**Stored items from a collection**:
(** The strain along a trajectory.  With  w = u_x  along the trajectory,
    W = int_0^s w,  E = exp W = gamma_alpha  and  P = exp (-W) = 1/gamma_alpha. *)

Definition w a s := D 1 0 (traj a s) (clamp 0 t0 s).
Definition W a s := RInt (w a) 0 s.
Definition P a s := exp (- W a s).
Definition E a s := exp (W a s).
Definition dP a s := - w a s * P a s.

Lemma w_cont a : 0 <= a <= 1 -> forall s, continuity_pt (w a) s.
Proof. intros Ha s. unfold w. apply along_cont. apply traj_cont; auto. Qed.

Lemma w_0 a : 0 <= a <= 1 -> w a 0 = D 1 0 a 0.
Proof. intros Ha. unfold w. rewrite traj_0, clamp_id by lra. auto. Qed.

Lemma W_der a s : 0 <= a <= 1 -> derivable_pt_lim (W a) s (w a s).
Proof. intros Ha. unfold W. apply RInt_derivable. apply w_cont; auto. Qed.

Lemma W_0 a : W a 0 = 0.
Proof. unfold W. rewrite RInt_point. reflexivity. Qed.

Lemma P_der a s : 0 <= a <= 1 -> derivable_pt_lim (P a) s (dP a s).
Proof.
  intros Ha. unfold dP, P.
  replace (- w a s * exp (- W a s)) with (exp (- W a s) * (- w a s)) by ring.
  apply (derivable_pt_lim_exp_comp (fun z => - W a z)). apply (derivable_pt_lim_opp (W a)). apply W_der; auto.
Qed.

Lemma P_pos a s : 0 < P a s.
Proof. apply exp_pos. Qed.

Lemma P_0 a : P a 0 = 1.
Proof. unfold P. rewrite W_0, Ropp_0. apply exp_0. Qed.

Lemma P_cont a s : 0 <= a <= 1 -> continuity_pt (P a) s.
Proof. intros Ha. apply derivable_pt_lim_continuous with (dP a s). apply P_der; auto. Qed.

Lemma w_der a s : 0 <= a <= 1 -> 0 < s < t0 ->
  derivable_pt_lim (w a) s (w a s * w a s - 2 * energy s).
Proof.
  intros Ha Hs. unfold w. rewrite clamp_id by lra.
  destruct (traj_regular a s Ha ltac:(lra)) as [Gd _].
  destruct (pde_along (traj a s) s Gd ltac:(lra)) as [E0 _].
  replace (D 1 0 (traj a s) s * D 1 0 (traj a s) s - 2 * energy s) with
    (D 2 0 (traj a s) s * D 0 0 (traj a s) s + D 1 1 (traj a s) s) by lra.
  apply along_der; auto. apply traj_der; auto.
Qed.

Lemma dP_der a s : 0 <= a <= 1 -> 0 < s < t0 ->
  derivable_pt_lim (dP a) s (2 * energy s * P a s).
Proof.
  intros Ha Hs.
  apply (derivable_pt_lim_ext (fun z => - (w a z * P a z))); [intros; unfold dP; ring|].
  replace (2 * energy s * P a s) with
    (- ((w a s * w a s - 2 * energy s) * P a s + w a s * (- w a s * P a s))) by ring.
  apply (derivable_pt_lim_opp (fun z => w a z * P a z)).
  apply (derivable_pt_lim_mult (w a) (P a)); [apply w_der; auto|apply P_der; auto].
Qed.

Lemma dP_cont a s : 0 <= a <= 1 -> continuity_pt (dP a) s.
Proof.
  intros Ha. apply (continuity_pt_mult (fun x => - w a x) (P a)).
  - apply (continuity_pt_opp (w a)). apply w_cont; auto.
  - apply P_cont; auto.
Qed.

Lemma uxx_along a s : 0 <= a <= 1 -> 0 <= s <= t0 ->
  D 2 0 (traj a s) (clamp 0 t0 s) * P a s = D 2 0 a 0.
Proof.
  intros Ha Hs.
  set (f := fun z => D 2 0 (traj a z) (clamp 0 t0 z) * P a z).
  assert (E : f s = f 0).
  { apply (constant_of_deriv_zero f (fun _ => 0) 0 s); try lra.
    - intros z Hz. unfold f.
      destruct (traj_regular a z Ha ltac:(lra)) as [Gd _].
      destruct (pde_along (traj a z) z Gd ltac:(lra)) as [_ [E1 _]].
      assert (HD : derivable_pt_lim f z
        ((D 3 0 (traj a z) z * D 0 0 (traj a z) z + D 2 1 (traj a z) z) * P a z +
         D 2 0 (traj a z) (clamp 0 t0 z) * (- w a z * P a z))).
      { apply (derivable_pt_lim_mult (fun z => D 2 0 (traj a z) (clamp 0 t0 z)) (P a)).
        + apply along_der; [lra|]. apply traj_der; auto; lra.
        + apply P_der; auto. }
      replace ((D 3 0 (traj a z) z * D 0 0 (traj a z) z + D 2 1 (traj a z) z) * P a z +
         D 2 0 (traj a z) (clamp 0 t0 z) * (- w a z * P a z)) with 0 in HD; auto.
      unfold w. rewrite clamp_id by lra.
      replace (D 3 0 (traj a z) z * D 0 0 (traj a z) z + D 2 1 (traj a z) z) with
             (D 1 0 (traj a z) z * D 2 0 (traj a z) z) by lra. ring.
    - intros; reflexivity.
    - intros z Hz. unfold f. apply (continuity_pt_mult (fun z => D 2 0 (traj a z) (clamp 0 t0 z)) (P a)).
      + apply along_cont. apply traj_cont; auto.
      + apply P_cont; auto. }
  unfold f in E. rewrite E, P_0, traj_0, clamp_id by lra. ring.
Qed.

Lemma uxxx_along_der a s : 0 <= a <= 1 -> 0 < s < t0 ->
  derivable_pt_lim (fun z => D 3 0 (traj a z) (clamp 0 t0 z)) s
    (D 2 0 (traj a s) s * D 2 0 (traj a s) s).
Proof.
  intros Ha Hs.
  destruct (traj_regular a s Ha ltac:(lra)) as [Gd _].
  destruct (pde_along (traj a s) s Gd ltac:(lra)) as [_ [_ E2]].
  replace (D 2 0 (traj a s) s * D 2 0 (traj a s) s) with
    (D 4 0 (traj a s) s * D 0 0 (traj a s) s + D 3 1 (traj a s) s) by lra.
  apply along_der; auto. apply traj_der; auto.
Qed.

Lemma E_P a s : E a s = / P a s.
Proof. unfold E, P. rewrite exp_Ropp, Rinv_inv. auto. Qed.

Lemma E_der a s : 0 <= a <= 1 -> derivable_pt_lim (E a) s (E a s * w a s).
Proof. intros Ha. unfold E. apply (derivable_pt_lim_exp_comp (W a)). apply W_der; auto. Qed.

Lemma E_0 a : E a 0 = 1.
Proof. unfold E. rewrite W_0. apply exp_0. Qed.

Lemma E_cont a s : 0 <= a <= 1 -> continuity_pt (E a) s.
Proof. intros Ha. apply derivable_pt_lim_continuous with (E a s * w a s). apply E_der; auto. Qed.

(* Growth factor of the Gronwall estimates on [0,t0]. *)
Definition C1 := exp ((2 * M + 1) * t0).

Lemma C1_ge1 : 1 <= C1.
Proof.
  unfold C1. assert (H : 0 <= (2 * M + 1) * t0) by nra.
  destruct H as [H|H].
  - pose proof (exp_increasing 0 _ H). rewrite exp_0 in H0. lra.
  - rewrite <- H, exp_0. lra.
Qed.

Lemma exp_le_C1 s : 0 <= s <= t0 -> exp ((2 * M + 1) * (s - 0)) <= C1.
Proof.
  intros Hs. unfold C1. destruct (Req_dec s t0) as [->|]; [rewrite Rminus_0_r; lra|].
  left. apply exp_increasing. apply Rmult_lt_compat_l; lra.
Qed.

Lemma traj_lipschitz a b s : 0 <= a <= 1 -> 0 <= b <= 1 -> 0 <= s <= t0 ->
  Rabs (traj b s - traj a s) <= Rabs (b - a) * C1.
Proof.
  intros Ha Hb Hs.
  destruct (traj_gronwall (traj b) (traj a) s Hs) as [HU _].
  - apply traj_cont; auto.
  - apply traj_cont; auto.
  - intros; apply traj_der; auto; lra.
  - intros; apply traj_der; auto; lra.
  - intros z Hz. split; apply traj_regular; auto; lra.
  - rewrite !traj_0 in HU by auto. apply Rle_trans with (1 := HU).
    apply Rmult_le_compat_l; [apply Rabs_pos|]. apply exp_le_C1; auto.
Qed.

Definition lin_err a b s := traj b s - traj a s - (b - a) * E a s.

Lemma lin_err_cont a b s : 0 <= a <= 1 -> 0 <= b <= 1 -> continuity_pt (lin_err a b) s.
Proof.
  intros Ha Hb. unfold lin_err.
  apply (continuity_pt_minus (fun s => traj b s - traj a s) (fun s => (b - a) * E a s)).
  - apply continuity_pt_minus; apply traj_cont; auto.
  - apply (continuity_pt_scal (E a)), E_cont; auto.
Qed.

Lemma lin_err_der a b s : 0 <= a <= 1 -> 0 <= b <= 1 -> 0 < s < t0 ->
  derivable_pt_lim (lin_err a b) s
    (D 0 0 (traj b s) s - D 0 0 (traj a s) s - (b - a) * (E a s * w a s)).
Proof.
  intros Ha Hb Hs. unfold lin_err.
  apply (derivable_pt_lim_minus (fun s => traj b s - traj a s) (fun s => (b - a) * E a s)).
  - apply derivable_pt_lim_minus; apply traj_der; auto.
  - apply (derivable_pt_lim_scal (E a)), E_der; auto.
Qed.

(* The
   error e satisfies  |e'| <= A0 + M |e|  with A0 small, so Gronwall applies. *)
Lemma flow_linearization a eps1 : 0 <= a <= 1 -> 0 < eps1 -> exists dU, 0 < dU /\
  forall b tau, 0 <= b <= 1 -> Rabs (b - a) * C1 < dU -> 0 <= tau <= t0 ->
  Rabs (lin_err a b tau) <= eps1 * Rabs (b - a) * C1 * C1.
Proof.
  intros Ha He1.
  destruct (cont2_uniform_near_curve (D 1 0) T t0 (traj a) Ht0
     (fun y s Hs => D_cont 1 0 y s Hs) (traj_cont a Ha) eps1 He1) as [dU [HdU HU]].
  exists dU. split; auto. intros b tau Hb HbC Htau.
  pose proof C1_ge1 as HC1.
  set (A0 := eps1 * (Rabs (b - a) * C1)).
  assert (HA0 : 0 <= A0) by (unfold A0; pose proof (Rabs_pos (b - a)); apply Rmult_le_pos; nra).
  (* the slope of the error: mean value theorem and uniform continuity of u_x *)
  assert (Hdeb : forall s, 0 < s < tau ->
    Rabs (D 0 0 (traj b s) s - D 0 0 (traj a s) s - (b - a) * (E a s * w a s))
      <= A0 + M * Rabs (lin_err a b s)).
  { intros s Hs.
    destruct (mean_value_between (fun y => D 0 0 y s) (fun y => D 1 0 y s)
       (traj a s) (traj b s)) as [c [Hc1 Hc2]].
    { intros; apply D_dx; lra. }
    assert (Hgd1 := traj_lipschitz a b s Ha Hb ltac:(lra)).
    assert (Hcg : Rabs (c - traj a s) < dU).
    { apply Rle_lt_trans with (Rabs (traj b s - traj a s)); [|lra].
      rewrite Rmin_comm, Rmax_comm in Hc1. apply Rabs_le_between_min_max; auto. }
    assert (HUc := HU s c ltac:(lra) Hcg).
    assert (Hwc : w a s = D 1 0 (traj a s) s) by (unfold w; rewrite clamp_id; auto; lra).
    assert (Hwb : Rabs (D 1 0 (traj a s) s) <= M).
    { apply HM; [apply traj_regular; auto; lra|lra]. }
    cbv beta in Hc2. rewrite Hc2, Hwc. unfold lin_err.
    replace (D 1 0 c s * (traj b s - traj a s) - (b - a) * (E a s * D 1 0 (traj a s) s)) with
      ((D 1 0 c s - D 1 0 (traj a s) s) * (traj b s - traj a s)
       + D 1 0 (traj a s) s * (traj b s - traj a s - (b - a) * E a s)) by ring.
    eapply Rle_trans; [apply Rabs_triang|]. rewrite !Rabs_mult.
    apply Rplus_le_compat.
    - unfold A0. apply Rmult_le_compat; try apply Rabs_pos; lra.
    - apply Rmult_le_compat_r; [apply Rabs_pos|auto]. }
  assert (He0 : lin_err a b 0 = 0) by (unfold lin_err; rewrite !traj_0, E_0 by auto; ring).
  pose proof (gronwall_abs (lin_err a b) _ 0 tau A0 M ltac:(lra) HA0 ltac:(lra)
    (fun s _ => lin_err_cont a b s Ha Hb) (fun s Hs => lin_err_der a b s Ha Hb ltac:(lra)) Hdeb) as G.
  rewrite He0, Rabs_R0, Rplus_0_l in G.
  apply Rle_trans with (1 := G).
  replace (eps1 * Rabs (b - a) * C1 * C1) with (A0 * C1) by (unfold A0; ring).
  apply Rmult_le_compat_l; [exact HA0|]. apply exp_le_C1; auto.
Qed.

**YOUR GOAL**: Wherever a line of the data above contains "forall", copy that line.

**WRITTEN REPLY**:
Lemma w_cont a : 0 <= a <= 1 -> forall s, continuity_pt (w a) s.
  forall b tau, 0 <= b <= 1 -> Rabs (b - a) * C1 < dU -> 0 <= tau <= t0 ->
  assert (Hdeb : forall s, 0 < s < tau ->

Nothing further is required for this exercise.